It’s been a while since I last posted something. I will fill the gap with a quick post about rekognition.

rekognition is a service from AWS that is described as:

Deep learning-based image recognition

Search, verify, and organize millions of images

In this light post, I will present a simple method to grab a picture from my webcam, send it to rekognition and display the result.

The part of the result I will focus on is the emotion. In other word, I will ask amazon: “An I happy?”.

Getting the picture from the webcam

I am using the package github.com/blackjack/webcam to grab the picture.

Capabilities of the webcam and image format

My webcam is handling the MJPEG format. Therefore, after the creation of a cam object and set the correct settings to grab mjpeg, I can read a frame in JPEG:

1
2
3
4
5
// ...
cam, err := webcam.Open("/dev/video0") // Open webcam
// ...
// Setting the format:
_,_,_, err := cam.SetImageFormat(format, uint32(size.MaxWidth), uint32(size.MaxHeight))
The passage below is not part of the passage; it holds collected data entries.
Lemma hrho_mle_ball z D : 0 <= D -> 0 < complex.Im z -> hrho z th <= D ->
  [/\ sg / (2 + D) <= complex.Im z, complex.Im z <= (2 + D) * sg &
      sqnormc (z - th) <= D * (2 + D) * sg ^+ 2].
Proof.
move=> D_ge0 z_gt0 z_near.
have dist_le : sqnormc (z - th) <= D * (complex.Im z * sg).
  by move: z_near; rewrite /hrho ler_pdivrMr ?mulr_gt0.
have Im_dist_le : (complex.Im z - sg) ^+ 2 <= sqnormc (z - th).
  by have := sqr_Im_le_sqnormc (z - th); rewrite raddfB.
have Im_le : complex.Im z <= (2 + D) * sg by nra.
have Im_ge : sg <= (2 + D) * complex.Im z by nra.
split => //; first by rewrite ler_pdivrMr ?ltr_wpDr // mulrC.
apply: le_trans dist_le _; rewrite -mulrA ler_wpM2l // expr2 mulrA ler_wpM2r //.
exact: ltW.
Qed.

Let sqdist_bound D := 2 * (D * (2 + D) * sg ^+ 2) + 2 * \sum_k g k.

Lemma node_weight_mle_ball_le z D : 0 <= D -> 0 < complex.Im z -> hrho z th <= D ->
  node_weight z (conjc th) <= sqdist_bound D ^+ 4 * lagrange_const (x i0) (x i1) (x i2).
Proof.
move=> D_ge0 z_gt0 z_near; have [_ _ z_th] := hrho_mle_ball D_ge0 z_gt0 z_near.
have g_le_sum k : g k <= \sum_j g j.
  by rewrite (bigD1 k) //= lerDl sumr_ge0 // => j _; apply/ltW.
have near_k k : sqnormc (z - (x k)%:C) <= sqdist_bound D /\
    sqnormc (conjc th - (x k)%:C) <= sqdist_bound D.
  have zth_ge0 : 0 <= D * (2 + D) * sg ^+ 2 by apply: le_trans z_th; apply: sqnormc_ge0.
  have := g_le_sum k; have := g_gt0 k; split; last first.
    by rewrite -conjc_real -rmorphB sqnormcJ -/(g k) /sqdist_bound; lra.
  rewrite -(subrK th z) -addrA; apply: le_trans (sqnormcD_le _ _) _.
  by rewrite -/(g k) /sqdist_bound; lra.
apply: (lagrange_weight_le x01 x02 x12) => a.
by rewrite !inE => /or3P[] /eqP ->; apply: near_k.
Qed.
(* [v (mix S p q)] factors as [a p * b q] when [v x = a x * b x] across [S]. *)
Lemma product_wrt_mix S v p q :
  product_wrt S v -> v p != 0 -> v q != 0 -> v (mix S p q) != 0.
Proof.
case=> _ [a [b [Sa [Sb vab]]]]; rewrite !vab !mulf_eq0 !negb_or.
move=> /andP[ap _] /andP[_ bq]; rewrite (Sa _ p) ?(Sb _ q) ?ap ?bq // => i.
  by rewrite inE ffunE => /negbTE->.
by rewrite ffunE => ->.
Qed.

End ProductStates.

Lemma fully_product_supported (R : realType) n (z : basis_idx n.+1) (w : vec R n.+1) :
  (forall x, x != z -> w x = 0) -> nonzero w -> fully_product w.
Proof.
move=> w_supp w_neq0; split=> //.
have wz : w z != 0.
  by case: w_neq0 => x; have [->|/w_supp->] := eqVneq x z; rewrite ?eqxx.
exists (fun i b => (b == z i)%:R * (if i == ord0 then w z else 1)) => x.
rewrite big_split /= -big_mkcond big_pred1_eq.
have [->|xz] := eqVneq x z; first by rewrite big1 ?mul1r // => i _; rewrite eqxx.
have /existsP[i xiz] : [exists i, x i != z i].
  by apply: contraNT xz => /existsPn xz; apply/eqP/ffunP => i; apply/eqP/negPn.
by rewrite w_supp // (bigD1 i) //= (negbTE xiz) !mul0r.
Qed.

Section GHZFamily.
Variables (R : realType) (n : nat).
Local Notation C := R[i].
Local Notation T := (basis_idx n.+2).
Implicit Types (p r x y z : T) (w : vec R n.+2).

Definition zeros : T := [ffun => false].
Definition ones : T := [ffun => true].
Definition flip x : T := [ffun i => ~~ x i].
Definition e1 : T := [ffun i => val i == 1%N].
format is of type uint32 and computable thanks to the informations present in /usr/include/linux/videodev2.h

MJPEG is: 1196444237

Note: To be honest, I did not evaluate the FOURCC method; I have requested the supported format of my webcam with their descriptions :)

Grabbing the picture

In a endless for loop, a frame is read with a call to ReadFrame:

1
2
3
4
5
for {
    timeout := uint32(5) //5 seconds
    err = cam.WaitForFrame(timeout)
    frame, err := cam.ReadFrame()
}

AWS

The API to import to use the service is github.com/aws/aws-sdk-go/service/rekognition and is documented here: http://docs.aws.amazon.com/sdk-for-go/api/service/rekognition/

The operation that I am using to detect the emotion is DetectFaces that takes an pointer to DetectFacesInput with is composed of a pointer to an Image.

Creating the input

The first thing that needs to be created is the Image object from our frame:

1
2
3
4
if len(frame) != 0 {
    image := &rekognition.Image{ // Required
        Bytes: frame,
    }

Then we create the DetectFacesInput:

1
2
3
4
5
6
params := &rekognition.DetectFacesInput{
        Image: image,
        Attributes: []*string{
                aws.String("ALL"), 
        },
}

The ALL attributes is present, otherwise AWS does not return the complete description of what it has found.

Sending the query

Pricing notice and warning

The price of the service as of today is 1 dollar per 1000 request. That sounds cheap, but at 25 FPS, this may cost a lot. Therefore, I have set up a read request that only process a picture if we press enter

1
bufio.NewReader(os.Stdin).ReadBytes('\n')

Session

As usual, to query AWS we need to create a session:

1
2
3
4
5
6
7
var err error
sess, err = session.NewSession(&aws.Config{Region: aws.String("us-east-1")})
if err != nil {
    fmt.Println("failed to create session,", err)
    return
}
svc = rekognition.New(sess)

Note: The session library will take care of connections informations such as environment variables like:

  • AWS_ACCESS_KEY_ID
  • AWS_SECRET_ ACCESS_KEY_ID

Query and result

Simply send the query

1
2
3
4
5
6
esp, err := svc.DetectFaces(params)

if err != nil {
        fmt.Println(err.Error())
        return
}

The result is of type DetectFacesOutput. This type is composed of a array of FaceDetails because obviously there can me more than one person per image. So we will loop and display the emotion for each face detected:

1
2
3
4
5
6
7
for i, fd := range resp.FaceDetails {
        fmt.Printf("The person %v is ", i)
        for _, e := range fd.Emotions {
                fmt.Printf("%v, ", *e.Type)
        }
        fmt.Printf("\n")
}

Run:

Conclusion

That’s all folks. The full code can be found here.

In the test I made, I was always happy. I’ve tried to be angry or sad, without success… Maybe I have a happy face. I should try with someone else maybe.

The service is nice and opens the door to a lot of applications: For example to monitor my home and sends an alert if someone is in my place and not from my family (or not the cat :).